Another new study has confirmed what we’ve known for quite some time – Olive oil contributes to better health.
According to researchers who followed about 7,000 people aged 65 and older in three French cities for five years, olive oil can help greatly reduce the incidence of stroke.
Scientists conducting the study said they found that people who used a lot of olive oil either in their cooking or as a dip for bread and other foods had lower rates of stroke than people who never use it.
The scientists, who published their results in the medical journal Neurology, say people should be given new advice about their diets to include wider use of olive oil, based on the study’s results.
“Stroke is so common in older people, and olive oil would be an inexpensive and easy way to help prevent it,” said Dr Cecilia Samieri, of the University of Bordeaux, the study’s lead author.
“Our research suggests that a new set of dietary recommendations should be issued to prevent stroke in people 65 and older.”
Stroke is the third leading cause of death in the United States, according to the Internet Stroke Center, which tracks the disease. In all, more than 143,500 people die each year in the U.S. from strokes, out of 795,000 who experience a stroke.
The health benefits of olive oil are well known. An earlier study by Italian researchers found that olive oil, combined with green leafy vegetables, help prevent heart disease.
Another study found that the culinary oil helps prevent oxidative stress, which has been linked to a number of health issues, on the liver.
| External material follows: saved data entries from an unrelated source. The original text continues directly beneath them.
(* for (i,i'): sum_l <l|v_i> |v'_{i'}>_{V_l}; for l in Z the coefficient
   <l|v_i> vanishes (i in I_{1,1}), so the coordinate there is 0. *)
Definition rt_v (c : rt_idx) (x : rt_basis) : R[i] :=
  match c with
  | inl (i, i') => sp_v P (val i) (val x).1 *
                   match (val x).2 with None => 0 | Some a => sp_v P' i' a end
  | inr j => sp_v P (val j) (val x).1 * rt_pi (val x).2
  end.

Definition rt_lab (c : rt_idx) : nat :=
  match c with
  | inl (_, i') => sp_lab P' i'
  | inr j => (sp_ninp P' + sp_lab P (val j) - 1)%N
  end.

(* Q^{r (x)} : reduced tensor-product composition of P' into the first
   input of P, on m + n bits where m = #inputs of P', 1 + n = #inputs of P. *)
Definition rtcomp : spanprog R :=
  @SpanProg R rt_basis (sp_ninp P' + (sp_ninp P - 1)) rt_idx rt_t rt_v rt_lab.

End Composition.

(* alpha_j = eps_j = (s_j / (s1 + s2))^(1/4), j in {0,1} (0-based). *)
Definition quartic_weight (R : realType) (s1 s2 : R) (j : 'I_2) : R :=
  Num.sqrt (Num.sqrt ((if j == ord0 then s1 else s2) / (s1 + s2))).

Definition P_AND (R : realType) (s1 s2 : R) : spanprog R :=
  @SpanProg R 'I_2 2 'I_2
    (fun l => ((quartic_weight s1 s2 l)%:C)%C)
    (fun i l => if i == l then 1 else 0)
    (fun i => nat_of_ord i).

Definition P_OR (R : realType) (s1 s2 : R) : spanprog R :=
  @SpanProg R 'I_1 2 'I_2
    (fun _ => 1)
    (fun i _ => ((quartic_weight s1 s2 i)%:C)%C)
    (fun i => nat_of_ord i).

From mathcomp Require Import all_boot all_order all_algebra.
From mathcomp Require Import classical_sets reals.
From mathcomp.real_closed Require Import complex.
From mathcomp Require Import ring lra.
Import Order.TTheory GRing.Theory Num.Theory.
Local Open Scope ring_scope.
Set Implicit Arguments.
Unset Strict Implicit.
Unset Printing Implicit Defensive.

(** Let [x] be a unit vector on the columns of [Q].  All entries of [abs(B_Q)]
    are nonnegative, so we may replace [x] by [|x|].  Merging the coordinates
    [x_(i0,i')] of the composed first input into the single coordinate [i0] of
    [P], carrying their Euclidean norm, gives a unit vector [x'] on the columns
    of [P].  The rows of [abs(B_Q)] are grouped in blocks, one for each row [l]
    of [P], and it suffices to bound the squared norm of each block by the gain
    [(sqrt s1 + sqrt s2) / sqrt (s1 + s2)] times the square of row [l] of
    [abs(B_P)] applied to [x'].  For [l] in [Z] only the target contributes,
    scaled by [||t'||], whose square is the gain for AND and 1 for OR.  For the
    other rows this is a two-dimensional Cauchy-Schwarz estimate, since the
    squared weights of [P'] sum to the gain, which is at least 1. *)

Section ComplexModulus.
Variable R : realType.
Implicit Types z w : R[i].

Lemma cabs_normc z : cabs z = Normc.normc z.
Proof. by case: z. Qed.

Lemma cabs_ge0 z : 0 <= cabs z.
Proof. exact: sqrtr_ge0. Qed.

Lemma cabs0 : cabs (0 : R[i]) = 0.
Proof. by rewrite cabs_normc Normc.normc0. Qed.

Lemma cabs1 : cabs (1 : R[i]) = 1.
Proof. by rewrite cabs_normc Normc.normc1. Qed.

Lemma cabsM z w : cabs (z * w) = cabs z * cabs w.
Proof. by rewrite !cabs_normc Normc.normcM. Qed.

Lemma cabs_real (r : R) : cabs (r%:C)%C = `|r|.
Proof. by rewrite /cabs /= expr0n addr0 sqrtr_sqr. Qed.

End ComplexModulus.

Lemma big_option (R : Type) (idx : R) (op : Monoid.law idx) (T : finType)
    (F : option T -> R) :
  \big[op/idx]_(o : option T) F o = op (F None) (\big[op/idx]_(t : T) F (Some t)).
Proof.
by rewrite ![index_enum _]unlock [@Finite.enum in LHS]unlock /= big_cons big_map.
Qed.

Lemma big_sig (R : Type) (idx : R) (op : Monoid.com_law idx) (T : finType)
    (p : pred T) (F : T -> R) :
  \big[op/idx]_(j : {i | p i}) F (val j) = \big[op/idx]_(i | p i) F i.
Proof.
rewrite (reindex_omap (val : {i | p i} -> T) insub) => [|i p_i]; last first.
  by rewrite insubT.
by apply: eq_bigl => -[i p_i] /=; rewrite insubT ?p_i /= eqxx.
Qed.

Section Cauchy2.
Variable R : rcfType.
Implicit Types a b c d : R.

Lemma cauchy_schwarz2 a b c d :
  a * c + b * d <= Num.sqrt (a ^+ 2 + b ^+ 2) * Num.sqrt (c ^+ 2 + d ^+ 2).
Proof.
apply: le_trans (ler_norm _) _.
rewrite -sqrtr_sqr -sqrtrM ?addr_ge0 ?sqr_ge0 //; apply: ler_wsqrtr.
rewrite -subr_ge0.
have -> : (a ^+ 2 + b ^+ 2) * (c ^+ 2 + d ^+ 2) - (a * c + b * d) ^+ 2
   = (a * d - b * c) ^+ 2 by ring.
exact: sqr_ge0.
Qed.

Lemma sqrtr_le_self c : 1 <= c -> Num.sqrt c <= c.
Proof.
move=> c_ge1; have c_ge0 : 0 <= c := le_trans ler01 c_ge1.
rewrite -{2}(sqr_sqrtr c_ge0) expr2 ler_peMl ?sqrtr_ge0 //.
by rewrite -sqrtr1 ler_wsqrtr.
Qed.

End Cauchy2.

Section BlockInequalities.
Variable R : rcfType.
Variables (a b y0 y1 W U : R).
Hypotheses (W_ge0 : 0 <= W) (U_ge0 : 0 <= U) (ab_ge1 : 1 <= a ^+ 2 + b ^+ 2).
Let c := a ^+ 2 + b ^+ 2.
Let z := Num.sqrt (y0 ^+ 2 + y1 ^+ 2).

Lemma and_block_ineq :
  (a * W + U * y0) ^+ 2 + (b * W + U * y1) ^+ 2 <= c * (W + U * z) ^+ 2.
Proof.
have z_sqr : z ^+ 2 = y0 ^+ 2 + y1 ^+ 2 by rewrite sqr_sqrtr // addr_ge0 ?sqr_ge0.
have cross_le : a * y0 + b * y1 <= c * z.
  apply: le_trans (cauchy_schwarz2 a b y0 y1) _.
  by rewrite ler_wpM2r ?sqrtr_ge0 // sqrtr_le_self.
have -> : (a * W + U * y0) ^+ 2 + (b * W + U * y1) ^+ 2 =
    c * W ^+ 2 + 2 * (W * U) * (a * y0 + b * y1) + U ^+ 2 * z ^+ 2.
  by rewrite z_sqr /c; ring.
have WU_ge0 : 0 <= W * U := mulr_ge0 W_ge0 U_ge0.
have Uz_ge0 : 0 <= U ^+ 2 * z ^+ 2 by rewrite mulr_ge0 ?sqr_ge0.
move: ab_ge1; rewrite -/c => c_ge1; nra.
Qed.

Hypotheses (a_ge0 : 0 <= a) (b_ge0 : 0 <= b) (y0_ge0 : 0 <= y0) (y1_ge0 : 0 <= y1).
Still another found that extra virgin olive oil helps combat breast cancer. According to the American Cancer Society (ACS), a woman in the United States is diagnosed with breast cancer every three minutes.
In an age when fast food reigns and home cooking is on the downward trend, incorporating more olive oil in your diet seems to be a simple, effective and inexpensive way to maintain better overall health.
“Olive oil has long been known to have potential health benefits,” said Sharlin Ahmed of Britain’s Stroke Association. “It is believed that it could protect against conditions such as high cholesterol, high blood pressure and heart disease and so it’s promising to see that it could have a similar protective function against stroke.”